***** GIVEN RECORDS
(* Let $m\ge1$ be an integer, let $\tilde H\in\Omega_{4n}$ be invertible and Hermitian, and let $\tilde B\in\Omega_{4n}$ be $\tilde H$-selfadjoint with $\sigma(\tilde B)\cap\mathbb{R}=\emptyset$. Then there exists an $\tilde H$-selfadjoint $\tilde A\in\Omega_{4n}$ such that $\tilde A^m=\tilde B$.
   Context: $\Omega_{2k}=\{\begin{bmatrix}A_1&\bar A_2\\-A_2&\bar A_1\end{bmatrix}: A_1,A_2\in\mathbb{C}^{k\times k}\}\subset\mathbb{C}^{2k\times 2k}$. For an invertible Hermitian $H$, $A$ is $H$-selfadjoint if $HA=A^*H$. $\sigma(\cdot)$ denotes the spectrum. *)

From HB Require Import structures.
From mathcomp Require Import all_boot all_order all_algebra.
From mathcomp Require Import complex.
From mathcomp Require Import reals.
Set Implicit Arguments. Unset Strict Implicit. Unset Printing Implicit Defensive.
Import Order.TTheory GRing.Theory Num.Theory.
Local Open Scope ring_scope.

Definition cconj (R : realType) (z : R[i]) : R[i] := Num.conj_op z.

Definition mxconj (R : realType) m n (A : 'M[R[i]]_(m, n)) : 'M[R[i]]_(m, n) :=
  map_mx (@cconj R) A.
Definition adjmx (R : realType) m n (A : 'M[R[i]]_(m, n)) : 'M[R[i]]_(n, m) :=
  (mxconj A)^T.

Definition Omega_mx (R : realType) (k : nat) (M : 'M[R[i]]_(k + k)) : Prop :=
  exists A1 A2 : 'M[R[i]]_k,
    M = block_mx A1 (mxconj A2) (- A2) (mxconj A1).

Definition is_hermitian_mx (R : realType) k (H : 'M[R[i]]_k) : Prop := adjmx H = H.

Definition H_selfadjoint_mx (R : realType) k (H A : 'M[R[i]]_k) : Prop :=
  H *m A = adjmx A *m H.

Definition no_real_eigenvalue (R : realType) k (B : 'M[R[i]]_k) : Prop :=
  forall a : R[i], eigenvalue B a -> a \isn't Num.real.

(* Idea: the required root is a polynomial in B itself.  Call a complex
   polynomial "real" when its coefficients are real.  We construct a real
   polynomial q whose m-th power is congruent to 'X modulo the characteristic
   polynomial of B; then A := q(B) satisfies A^m = B (Cayley-Hamilton).
   Since q is real, q(B) inherits from B every relation of the form
   K B = B' K with B' the entrywise conjugate or the adjoint of B:
   - Omega_{2k} is the set of M with J M = conj(M) J, so q(B) \in Omega_{2k};
   - H B = B^* H gives H q(B) = q(B)^* H.
   The polynomial q is obtained by Hermite interpolation of an m-th root
   function at the eigenvalues, built by Newton (Hensel) lifting: start from
   a real interpolant of a conjugation-compatible branch of the m-th root on
   the (conjugation-closed, non-real, hence non-zero) spectrum, then raise the
   multiplicity of the congruence one step at a time. *)

From HB Require Import structures.
From mathcomp Require Import all_boot all_order all_algebra.
From mathcomp Require Import complex.
From mathcomp Require Import reals.
From mathcomp Require Import ring.
Set Implicit Arguments. Unset Strict Implicit. Unset Printing Implicit Defensive.
Import Order.TTheory GRing.Theory Num.Theory.
Local Open Scope ring_scope.

Lemma exprD_linear_rem (T : comNzRingType) (a b : T) (m : nat) :
  exists c, (a + b) ^+ m.+1 = a ^+ m.+1 + m.+1%:R * a ^+ m * b + b ^+ 2 * c.
Proof.
elim: m => [|m [c IH]]; first by exists 0; rewrite !expr1 expr0 mulr0 addr0 mulr1 mul1r.
exists (a * c + m.+1%:R * a ^+ m + b * c).
rewrite exprS IH !exprS -[m.+2]addn1 -[m.+1]addn1 !natrD; ring.
Qed.

Section RealPolynomials.
Variable C : numClosedFieldType.
Implicit Types (p q : {poly C}) (s : seq C).

Definition real_poly p : Prop := map_poly Num.conj p = p.

Lemma real_poly_horner_conj p x : real_poly p -> p.[x^*] = (p.[x])^*.
Proof. by move=> rp; rewrite -horner_map rp. Qed.

Lemma lagrange_interpolation s (g : C -> C) : uniq s ->
  exists p, forall x, x \in s -> p.[x] = g x.
Proof.
elim: s => [|y s IH] /=; first by exists 0.
case/andP=> ys us; have [p Hp] := IH us.
pose D := \prod_(z <- s) ('X - z%:P).
have Dy0 : D.[y] != 0.
  rewrite horner_prod prodf_seq_neq0; apply/allP => z zs /=.
  by rewrite hornerXsubC subr_eq0; apply: contraNneq ys => ->.
have Ds z : z \in s -> D.[z] = 0.
  by move=> zs; apply/eqP; rewrite -/(root D z) root_prod_XsubC.
exists (p + ((g y - p.[y]) / D.[y]) *: D) => x; rewrite inE => /orP [/eqP->|xs].
  by rewrite hornerD hornerZ divfK // addrC subrK.
by rewrite hornerD hornerZ (Ds x xs) mulr0 addr0 Hp.
Qed.

(* If the nodes are closed under conjugation and the data commute with it,
   the interpolant can be taken real: average p with its conjugate. *)
Lemma real_interpolation s (g : C -> C) : uniq s ->
  (forall x, x \in s -> x^* \in s) ->
  (forall x, x \in s -> g x^* = (g x)^*) ->
  exists p, real_poly p /\ forall x, x \in s -> p.[x] = g x.
Proof.
move=> us sc gc; have [p Hp] := @lagrange_interpolation s g us.
exists (2^-1 *: (p + map_poly Num.conj p)); split.
  rewrite /real_poly linearZ /= rmorphD /= -map_poly_comp.
  have -> : map_poly (Num.conj \o Num.conj) p = p.
    by apply: map_poly_id => z _ /=; rewrite conjCK.
  by rewrite fmorphV rmorph_nat addrC.
move=> x xs; rewrite hornerZ hornerD -{2}(conjCK x) horner_map /=.
rewrite (Hp _ (sc _ xs)) gc // conjCK Hp //.
have n20 : (2 : C) != 0 by rewrite pnatr_eq0.
by field.
Qed.

Lemma prod_XsubC_dvdp s p : uniq s ->
  (forall x, x \in s -> root p x) -> \prod_(z <- s) ('X - z%:P) %| p.
Proof.
move=> us ps.
have [||q ->] := @uniq_roots_prod_XsubC _ p s; last by rewrite dvdp_mull.
  by apply/allP => x /ps.
by rewrite uniq_rootsE.
Qed.

Lemma prod_XsubC_dvdp_exp s S :
  (forall x, x \in s -> root S x) -> \prod_(z <- s) ('X - z%:P) %| S ^+ size s.
Proof.
elim: s => [|y s IH] Ss /=; first by rewrite big_nil expr0.
rewrite big_cons exprS dvdp_mul ?dvdp_XsubCl ?Ss ?mem_head //.
by apply: IH => x xs; rewrite Ss // inE xs orbT.
Qed.

(* A branch of the m-th root chosen so that it commutes with conjugation
   off the real axis: the principal root in the upper half-plane, and its
   mirror image in the lower one. *)
Definition root_branch (m : nat) (x : C) : C :=
  if 0 < 'Im x then m.-root x else (m.-root x^*)^*.

Lemma root_branchK m x : (0 < m)%N -> root_branch m x ^+ m = x.
Proof.
move=> m_gt0; rewrite /root_branch; case: ifP => _; first by rewrite rootCK.
by rewrite -rmorphXn /= rootCK // conjCK.
Qed.

Lemma root_branch_conj m x :
  x \isn't Num.real -> root_branch m x^* = (root_branch m x)^*.
Proof.
move=> /Creal_ImP/eqP; rewrite /root_branch Im_conj oppr_gt0 conjCK.
rewrite real_neqr_lt ?Creal_Im ?real0 // => /orP [Im_lt0|Im_gt0].
  by rewrite Im_lt0 (lt_gtF Im_lt0) conjCK.
by rewrite Im_gt0 (lt_gtF Im_gt0).
Qed.

(* Newton lifting: with S the product of the linear factors of a uniq,
   conjugation-closed list of non-real numbers, a real q with
   S^j | q^m - 'X is improved to q - (q^m - 'X) r, where r is a real
   interpolant of 1 / (m q^(m-1)) on the roots of S. *)
Section NewtonLifting.
Variables (m' : nat) (s : seq C).
Local Notation m := m'.+1.
Hypothesis s_uniq : uniq s.
Hypothesis s_conj : forall x, x \in s -> x^* \in s.
Hypothesis s_nonreal : forall x, x \in s -> x \isn't Num.real.
Local Notation S := (\prod_(z <- s) ('X - z%:P)).

Lemma root_S (x : C) : x \in s -> root S x.
Proof. by rewrite root_prod_XsubC. Qed.

Lemma nonreal_neq0 (x : C) : x \isn't Num.real -> x != 0.
Proof. by apply: contraNneq => ->; rewrite real0. Qed.

(* First approximation: interpolate the root branch on the roots of S. *)
Lemma newton_base : exists q, real_poly q /\ S %| q ^+ m - 'X.
Proof.
have [q [rq Hq]] := @real_interpolation s (root_branch m) s_uniq s_conj
  (fun x xs => root_branch_conj m (s_nonreal xs)).
exists q; split => //; apply: prod_XsubC_dvdp => // x xs.
by rewrite /root !hornerE Hq // root_branchK // subrr.
Qed.

Lemma newton_step j q : real_poly q -> S ^+ j.+1 %| q ^+ m - 'X ->
  exists q', real_poly q' /\ S ^+ j.+2 %| q' ^+ m - 'X.
Proof.
move=> rq Hq; set e := q ^+ m - 'X.
have Se : S %| e by apply: dvdp_trans Hq; rewrite -{1}(expr1 S) dvdp_exp2l.
have q_root x : x \in s -> q.[x] ^+ m = x.
  move=> xs; have := root_dvdp Se (root_S xs).
  by rewrite /root !hornerE subr_eq0 => /eqP.
have deriv_neq0 x : x \in s -> m%:R * q.[x] ^+ m' != 0.
  move=> xs; rewrite mulf_neq0 ?pnatr_eq0 // expf_neq0 //.
  apply: contraTneq (nonreal_neq0 (s_nonreal xs)) => q0.
  by rewrite negbK -(q_root _ xs) q0 expr0n.
pose g x := (m%:R * q.[x] ^+ m')^-1.
have g_conj x : x \in s -> g x^* = (g x)^*.
  by move=> xs; rewrite /g real_poly_horner_conj // fmorphV rmorphM rmorph_nat rmorphXn.
have [r [rr Hr]] := @real_interpolation s g s_uniq s_conj g_conj.
have [c Hc] := exprD_linear_rem q (- (e * r)) m'.
exists (q - e * r); split.
  by rewrite /real_poly rmorphB rmorphM /= rr /e rmorphB rmorphXn /= map_polyX rq.
have -> : (q - e * r) ^+ m - 'X =
          e * (1 - m%:R * q ^+ m' * r) + e * e * (r ^+ 2 * c).
  rewrite Hc sqrrN /e; move: (q ^+ m) (q ^+ m') (m%:R : {poly C}) => A B N; ring.
apply: dvdp_add; last by apply: dvdp_mulr; rewrite exprSr dvdp_mul.
rewrite exprSr dvdp_mul //; apply: prod_XsubC_dvdp => // x xs.
by rewrite /root !hornerE Hr // /g hornerMn hornerC mulfV ?subrr ?deriv_neq0.
Qed.

Lemma newton_lift j : exists q, real_poly q /\ S ^+ j.+1 %| q ^+ m - 'X.
Proof.
elim: j => [|j [q [rq Hq]]]; last exact: newton_step rq Hq.
by have [q [rq Hq]] := newton_base; exists q; rewrite expr1.
Qed.

End NewtonLifting.

(* For any conjugation-closed list rs of non-real numbers (possibly with
   repetitions) and m > 0 there is a real polynomial q such that
   \prod_(z <- rs) ('X - z) divides q^m - 'X: lift to the multiplicity
   size rs on the list of distinct entries. *)
Lemma real_poly_mth_root (rs : seq C) (m : nat) : (0 < m)%N ->
  (forall x, x \in rs -> x^* \in rs) ->
  (forall x, x \in rs -> x \isn't Num.real) ->
  exists q, real_poly q /\ \prod_(z <- rs) ('X - z%:P) %| q ^+ m - 'X.
Proof.
case: m => // m' _ rs_conj rs_nonreal.
pose s := undup rs.
have s_conj x : x \in s -> x^* \in s by rewrite !mem_undup; apply: rs_conj.
have s_nonreal x : x \in s -> x \isn't Num.real.
  by rewrite mem_undup; apply: rs_nonreal.
have [q [rq Hq]] := newton_lift m' (undup_uniq rs) s_conj s_nonreal (size rs).
exists q; split => //; apply: dvdp_trans Hq.
apply: dvdp_trans (dvdp_exp2l _ (leqnSn _)).
by apply: prod_XsubC_dvdp_exp => x xs; apply: root_S; rewrite mem_undup.
Qed.

End RealPolynomials.

Lemma horner_mx_intertwine (T : comNzRingType) N (X Y K : 'M[T]_N.+1)
    (q : {poly T}) :
  K *m X = Y *m K -> K *m horner_mx X q = horner_mx Y q *m K.
Proof.
move=> KX; elim/poly_ind: q => [|p c IH]; first by rewrite !rmorph0 mulmx0 mul0mx.
rewrite !rmorphD !rmorphM /= !horner_mx_X !horner_mx_C -!mulmxE.
by rewrite mulmxDr mulmxDl mulmxA IH -(mulmxA _ K X) KX scalar_mxC mulmxA.
Qed.

Lemma horner_mx_tr (T : comNzRingType) N (X : 'M[T]_N.+1) (q : {poly T}) :
  (horner_mx X q)^T = horner_mx X^T q.
Proof.
elim/poly_ind: q => [|p c IH]; first by rewrite !rmorph0 trmx0.
rewrite !rmorphD !rmorphM /= !horner_mx_X !horner_mx_C -!mulmxE.
rewrite linearD /= trmx_mul IH tr_scalar_mx; congr (_ + _).
exact: (@comm_mx_horner _ _ X^T X^T p (erefl _)).
Qed.

Section QuaternionicStructure.
Variable R : realType.
Local Notation C := R[i].

Lemma mxconjE m n (A : 'M[C]_(m, n)) : mxconj A = map_mx Num.conj A.
Proof. by []. Qed.

Lemma mxconjN m n (A : 'M[C]_(m, n)) : mxconj (- A) = - mxconj A.
Proof. by rewrite !mxconjE map_mxN. Qed.

Lemma mxconj_block m1 m2 n1 n2 (A : 'M[C]_(m1, n1)) (B : 'M[C]_(m1, n2))
    (E : 'M[C]_(m2, n1)) (D : 'M[C]_(m2, n2)) :
  mxconj (block_mx A B E D) =
  block_mx (mxconj A) (mxconj B) (mxconj E) (mxconj D).
Proof. by rewrite !mxconjE map_block_mx. Qed.

Lemma mxconjK m n (A : 'M[C]_(m, n)) : mxconj (mxconj A) = A.
Proof. by apply/matrixP => i j; rewrite !mxE /cconj conjCK. Qed.

Lemma mxconjM m n p (A : 'M[C]_(m, n)) (B : 'M[C]_(n, p)) :
  mxconj (A *m B) = mxconj A *m mxconj B.
Proof. by rewrite !mxconjE map_mxM. Qed.

Lemma mxconjZ m n (x : C) (A : 'M[C]_(m, n)) : mxconj (x *: A) = x^* *: mxconj A.
Proof. by rewrite !mxconjE map_mxZ. Qed.

Lemma mxconj_eq0 m n (A : 'M[C]_(m, n)) : (mxconj A == 0) = (A == 0).
Proof. by rewrite mxconjE map_mx_eq0. Qed.

Lemma mxconj_horner N (X : 'M[C]_N.+1) (q : {poly C}) :
  mxconj (horner_mx X q) = horner_mx (mxconj X) (map_poly Num.conj q).
Proof. by rewrite mxconjE map_horner_mx. Qed.

Lemma adjmx_horner N (X : 'M[C]_N.+1) (q : {poly C}) :
  adjmx (horner_mx X q) = horner_mx (adjmx X) (map_poly Num.conj q).
Proof. by rewrite /adjmx mxconj_horner horner_mx_tr. Qed.

(* The spectrum of a matrix similar to its conjugate is closed under
   conjugation: if B v = a v then B (conj v K) = conj a (conj v K). *)
Lemma eigenvalue_conj k (K B : 'M[C]_k) (a : C) :
  K \in unitmx -> K *m B = mxconj B *m K ->
  eigenvalue B a -> eigenvalue B a^*.
Proof.
move=> Ku KB /eigenvalueP [v vB v0]; apply/eigenvalueP.
exists (mxconj v *m K); first by rewrite -mulmxA KB mulmxA -mxconjM vB mxconjZ scalemxAl.
by rewrite mulmx_free_eq0 ?row_free_unit // mxconj_eq0.
Qed.

Definition Jmx k : 'M[C]_(k + k) := block_mx 0 1%:M (- 1%:M) 0.

(* J^2 = -I, so J is invertible. *)
Lemma Jmx_unit k : Jmx k \in unitmx.
Proof.
apply: (proj1 (@mulmx1_unit _ _ _ (- Jmx k) _)).
rewrite /Jmx mulmxN mulmx_block !mul0mx !mulmx0 !mul1mx !mulmx1 ?mulNmx.
by rewrite !addr0 !add0r [in RHS]scalar_mx_block opp_block_mx !oppr0 opprK.
Qed.

Lemma Omega_J k (M : 'M[C]_(k + k)) :
  Omega_mx M <-> Jmx k *m M = mxconj M *m Jmx k.
Proof.
split.
  case=> [A1 [A2 ->]]; rewrite /Jmx mxconj_block mxconjN !mxconjK.
  rewrite !mulmx_block !mul0mx !mulmx0 !mul1mx !mulmx1 ?mulNmx ?mulmxN.
  by rewrite ?mul1mx ?mulmx1 !addr0 !add0r.
rewrite -[M]submxK /Jmx mxconj_block.
rewrite !mulmx_block !mul0mx !mulmx0 !mul1mx !mulmx1 ?mulNmx ?mulmxN ?mul1mx.
rewrite ?mulmx1 !addr0 !add0r => /eq_block_mx [_ e2 _ e4].
exists (ulsubmx M), (- dlsubmx M); congr block_mx; last by rewrite e2.
  by rewrite mxconjN -e4 opprK.
by rewrite opprK.
Qed.

Lemma Omega_horner k (B : 'M[C]_(k.+1 + k.+1)) (q : {poly C}) :
  Omega_mx B -> real_poly q -> Omega_mx (horner_mx B q : 'M_(k.+1 + k.+1)).
Proof.
move=> /Omega_J JB rq; apply/Omega_J.
by rewrite mxconj_horner rq; apply: horner_mx_intertwine.
Qed.

Lemma H_selfadjoint_horner N (H B : 'M[C]_N.+1) (q : {poly C}) :
  H_selfadjoint_mx H B -> real_poly q -> H_selfadjoint_mx H (horner_mx B q).
Proof.
by move=> HB rq; rewrite /H_selfadjoint_mx adjmx_horner rq; apply: horner_mx_intertwine.
Qed.

End QuaternionicStructure.

Lemma horner_mx_mth_root (F : fieldType) N (B : 'M[F]_N.+1) (q : {poly F}) m :
  char_poly B %| q ^+ m - 'X -> horner_mx B q ^+ m = B.
Proof.
case/dvdpP=> c qmE; have qmE' : q ^+ m = 'X + c * char_poly B.
  by rewrite -qmE addrC subrK.
by rewrite -rmorphXn /= qmE' rmorphD rmorphM /= horner_mx_X Cayley_Hamilton mulr0 addr0.
Qed.

Lemma char_poly_split (F : closedFieldType) N (B : 'M[F]_N) :
  exists2 rs : seq F, char_poly B = \prod_(z <- rs) ('X - z%:P)
    & forall x, (x \in rs) = eigenvalue B x.
Proof.
have [rs Ers] := closed_field_poly_normal (char_poly B).
rewrite (monicP (char_poly_monic B)) scale1r in Ers.
by exists rs => // x; rewrite eigenvalue_root_char Ers root_prod_XsubC.
Qed.

Theorem mainTheorem7 (R : realType) (n m : nat)
  (Ht Bt : 'M[R[i]]_(n.*2 + n.*2)) :
  (1 <= m)%N ->
  Omega_mx Ht -> Ht \in unitmx -> is_hermitian_mx Ht ->
  Omega_mx Bt -> H_selfadjoint_mx Ht Bt -> no_real_eigenvalue Bt ->
  exists At : 'M[R[i]]_(n.*2 + n.*2),
    [/\ Omega_mx At, H_selfadjoint_mx Ht At & At ^+ m = Bt].
Proof.
move=> m_gt0 _ _ _ OmegaB HB B_nonreal.
case: n Ht Bt OmegaB HB B_nonreal => [|n] H B OmegaB HB B_nonreal.
  by exists B; split => //; apply/matrixP => -[].
have [rs charE rsE] := char_poly_split B.
have B_conj x : eigenvalue B x -> eigenvalue B x^*.
  by apply: eigenvalue_conj (Jmx_unit _ _) _; apply/Omega_J.
have [q [rq q_root]] : exists q, real_poly q /\ char_poly B %| q ^+ m - 'X.
  rewrite charE; apply: real_poly_mth_root => // x; rewrite !rsE.
    exact: B_conj.
  exact: B_nonreal.
exists (horner_mx B q); split.
- exact: Omega_horner.
- exact: H_selfadjoint_horner.
- exact: horner_mx_mth_root.
Qed.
**********
» **EXERCISE**
Look above for the line that contains "move=> /Omega_J JB rq; apply/Omega_J.". Starting there, transcribe every line exactly until you have copied the line that contains "by rewrite -qmE addrC subrK.".

» **SOLUTION TO THIS TASK**
move=> /Omega_J JB rq; apply/Omega_J.
by rewrite mxconj_horner rq; apply: horner_mx_intertwine.
Qed.

Lemma H_selfadjoint_horner N (H B : 'M[C]_N.+1) (q : {poly C}) :
  H_selfadjoint_mx H B -> real_poly q -> H_selfadjoint_mx H (horner_mx B q).
Proof.
by move=> HB rq; rewrite /H_selfadjoint_mx adjmx_horner rq; apply: horner_mx_intertwine.
Qed.

End QuaternionicStructure.

Lemma horner_mx_mth_root (F : fieldType) N (B : 'M[F]_N.+1) (q : {poly F}) m :
  char_poly B %| q ^+ m - 'X -> horner_mx B q ^+ m = B.
Proof.
case/dvdpP=> c qmE; have qmE' : q ^+ m = 'X + c * char_poly B.
  by rewrite -qmE addrC subrK.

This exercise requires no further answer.